The letter goes on to suggest that the deal to acquire Vivint Solar isn’t fair to TerraForm because the effective purchase price was “high by market standards” as of July and remains high now at nearly $1.84 per watt, including the costs associated with the transactions. Appaloosa states that the deal only benefits SunEdison and not TerraForm and that SunEdison “clearly covets the Vivint development operations that it needs to offset defects in its own capabilities and market position,” which it has lost to competitors like SolarCity.

TerraForm left unprotected

According to the letter, Vivint’s rooftop assets are forced upon TerraForm and are “inferior” while coming at an “inflated price” for the purpose of subsidizing SunEdison’s costs in acquiring Vivint. Vivint focuses on the consumer rooftop solar business, which some analysts maintain is not as strong as the commercial or utility segments of the sector.

Bolin goes on to state that under the deal between SunEdison and Vivint Solar, TERP doesn’t get the normal protections extended to an unaffiliated buyer and seller because of the way the deal forces the assets onto it. As a result, he says TERP receives the burn of “specific performance provisions.
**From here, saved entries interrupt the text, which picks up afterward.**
(* Let $\Phi$ be a $k$-CNF on $x_1,\dots,x_n$ with a mist $\mathcal M$, let $\omega=\lceil\exp(n/k^2)\rceil$, and consider the run $\sigma^{[0]},\sigma^{[1]},\dots$ of Walksat$(\Phi,\omega)$. Let $\mathcal A$ be the event $\sigma^{[0]}\notin\mathcal D(\Phi,\mathcal M)$ and let $\mathcal H=\bigcup_{\mu\in\mathcal M,\,0\le t_1<t_2\le\omega}H_\mu(t_1,t_2)$. Then $$\Pr\big[\exists t\le\omega:\sigma^{[t]}\in S(\Phi)\,\big|\,\mathcal A\big]\le\Pr[\mathcal H\mid\mathcal A].$$
   Context: $\Phi$ has $m$ clauses; $\rho=2^{-k}m/n$, $\kappa=\ln k/k$. $U_\Phi(\sigma)$ is the set of indices of clauses unsatisfied by $\sigma$, $\mathcal U_\Phi(\sigma)=|U_\Phi(\sigma)|$, $T(\Phi)=\{\tau\in\{0,1\}^n:\mathcal U_\Phi(\tau)\le n\rho/10\}$, and $S(\Phi)\subseteq T(\Phi)$ is the set of satisfying assignments. $\mathrm{dist}$ is Hamming distance; $\mathcal D_\sigma(r_1,r_2)=\{\tau:\lfloor r_1\kappa n\rfloor\le\mathrm{dist}(\sigma,\tau)\le\lfloor r_2\kappa n\rfloor\}$. A mist is a set $\mathcal M\subseteq T(\Phi)$ whose distinct elements have pairwise distance at least $2\kappa n$ and such that every $\sigma\in T(\Phi)$ is within distance $2\kappa n$ of some $\mu\in\mathcal M$. $\mathcal D(\Phi,\mathcal M)=\bigcup_{\sigma\in\mathcal M}\mathcal D_\sigma(0,10)$. Walksat$(\Phi,\omega)$: $\sigma^{[0]}$ uniform in $\{0,1\}^n$; at step $i=0,\dots,\omega$, if $\sigma^{[i]}$ is satisfying the algorithm halts, otherwise it picks a uniformly random unsatisfied clause and a uniformly random position $j\in[k]$ in it and flips that literal's variable to obtain $\sigma^{[i+1]}$. For $\mu\in\mathcal M$ and $t_1<t_2$, $H_\mu(t_1,t_2)$ is the event that $\mathrm{dist}(\sigma^{[t_1]},\mu)=\lfloor10\kappa n\rfloor$, $\mathrm{dist}(\sigma^{[t_2]},\mu)=\lfloor5\kappa n\rfloor$, and $\sigma^{[t]}\in\mathcal D_\mu(5,10)\setminus T(\Phi)$ for all $t_1\le t\le t_2$.
   Formalization: The inequality holds only for k ≥ k₀ and n ≥ n₀, where k₀ is some fixed threshold and n₀ is some threshold depending on k. The paper assumes this as well. *)

From Stdlib Require Import Reals.
From HB Require Import structures.
From mathcomp Require Import all_boot all_order all_algebra.
Set Implicit Arguments. Unset Strict Implicit. Unset Printing Implicit Defensive.
Import Order.TTheory GRing.Theory Num.Theory.

Definition floorN (x : R) : nat := Z.to_nat (Int_part x).          (* floor, clipped at 0 *)
Definition ceilN (x : R) : nat := Z.to_nat (- Int_part (- x)).     (* ceiling, clipped at 0 *)
Definition Rleb (x y : R) : bool := if Rle_dec x y then true else false.

Definition kappa (k : nat) : R := Rdiv (ln (INR k)) (INR k).
Definition rho (n m k : nat) : R := Rdiv (Rmult (Rinv (pow 2 k)) (INR m)) (INR n).
Definition omega (n k : nat) : nat := ceilN (exp (Rdiv (INR n) (INR (k ^ 2)))).

(* A literal on x_1..x_n: (variable, sign); sign true = positive literal x_v. *)
Definition literal (n : nat) := ('I_n * bool)%type.
Definition clause (n k : nat) := (k.-tuple (literal n))%type.
Definition kcnf (n k m : nat) := (m.-tuple (clause n k))%type.
Definition assignment (n : nat) := {ffun 'I_n -> bool}.

Definition lit_sat n (s : assignment n) (l : literal n) : bool := s l.1 == l.2.
Definition clause_sat n k (s : assignment n) (c : clause n k) : bool :=
  [exists j : 'I_k, lit_sat s (tnth c j)].

Definition Uset n k m (Phi : kcnf n k m) (s : assignment n) : {set 'I_m} :=
  [set i : 'I_m | ~~ clause_sat s (tnth Phi i)].

Definition Tset n k m (Phi : kcnf n k m) : {set assignment n} :=
  [set t : assignment n |
     Rleb (INR #|Uset Phi t|) (Rdiv (Rmult (INR n) (rho n m k)) 10)].
Definition Sset n k m (Phi : kcnf n k m) : {set assignment n} :=
  [set t : assignment n | Uset Phi t == set0].

Definition dist n (s t : assignment n) : nat := #|[set i : 'I_n | s i != t i]|.

Definition Dball n k (s : assignment n) (r1 r2 : nat) : {set assignment n} :=
  [set t : assignment n |
     (floorN (Rmult (INR r1) (Rmult (kappa k) (INR n))) <= dist s t)%N &&
     (dist s t <= floorN (Rmult (INR r2) (Rmult (kappa k) (INR n))))%N].

Definition is_mist n k m (Phi : kcnf n k m) (M : {set assignment n}) : Prop :=
  [/\ M \subset Tset Phi,
      (forall mu mu', mu \in M -> mu' \in M -> mu <> mu' ->
         Rle (Rmult 2 (Rmult (kappa k) (INR n))) (INR (dist mu mu'))) &
      (forall s, s \in Tset Phi -> exists2 mu, mu \in M &
         Rle (INR (dist s mu)) (Rmult 2 (Rmult (kappa k) (INR n))))].

Definition Dunion n k (M : {set assignment n}) : {set assignment n} :=
  \bigcup_(mu in M) Dball k mu 0 10.

Definition flip n (s : assignment n) (v : 'I_n) : assignment n :=
  [ffun i => if i == v then ~~ s i else s i].

Local Open Scope ring_scope.

(* One-step transition probability sigma -> tau. If sigma is satisfying the
   algorithm has halted; we keep the state frozen (probability 1 of staying). *)
Definition step_prob n k m (Phi : kcnf n k m) (s t : assignment n) : rat :=
  if Uset Phi s == set0 then (t == s)%:R
  else (\sum_(i in Uset Phi s) \sum_(j < k)
          ((flip s (tnth (tnth Phi i) j).1 == t)%:R : rat))
       / ((#|Uset Phi s| * k)%N)%:R.

Definition traj (n w : nat) := {ffun 'I_w.+1 -> assignment n}.

Definition traj_weight n k m (Phi : kcnf n k m) w (tr : traj n w) : rat :=
  (2 ^+ n)^-1 * \prod_(i < w) step_prob Phi (tr (inord i)) (tr (inord i.+1)).

Definition Pr n k m (Phi : kcnf n k m) w (E : pred (traj n w)) : rat :=
  \sum_(tr : traj n w | E tr) traj_weight Phi tr.

(* Conditional probability Pr[E | F] (taken to be 0 if Pr[F] = 0). *)
Definition Prc n k m (Phi : kcnf n k m) w (E F : pred (traj n w)) : rat :=
  Pr Phi (fun tr => E tr && F tr) / Pr Phi F.

Definition EvA n k w (M : {set assignment n}) : pred (traj n w) :=
  fun tr => tr ord0 \notin Dunion k M.

Definition EvSat n k m (Phi : kcnf n k m) w : pred (traj n w) :=
  fun tr => [exists t : 'I_w.+1, tr t \in Sset Phi].

Definition EvHmu n k m (Phi : kcnf n k m) w (mu : assignment n) (t1 t2 : 'I_w.+1)
  : pred (traj n w) :=
  fun tr =>
    [&& (t1 < t2)%N,
        dist (tr t1) mu == floorN (Rmult 10 (Rmult (kappa k) (INR n))),
        dist (tr t2) mu == floorN (Rmult 5 (Rmult (kappa k) (INR n))) &
        [forall t : 'I_w.+1, ((t1 <= t) && (t <= t2))%N ==>
            (tr t \in Dball k mu 5 10 :\: Tset Phi)]].

Definition EvH n k m (Phi : kcnf n k m) w (M : {set assignment n}) : pred (traj n w) :=
  fun tr => [exists mu in M, exists t1 : 'I_w.+1, exists t2 : 'I_w.+1,
               EvHmu Phi mu t1 t2 tr].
Also SunEdison and Vivint are not subject to many performance standards and could even fail to deliver the contracted assets as of the effective date under the terms of the current agreement. SunEdison could even issue an unsecured note to TerraForm “as a substitute for any deficiency,” a provision which Appaloosa believes will be invoked. Tepper’s firm thinks that SunEdison is in a “precarious financial position” and that TerraForm Power may never be able to collect on the note.

Today’s letter from Appaloosa marks the firm’s second letter in just a week’s time.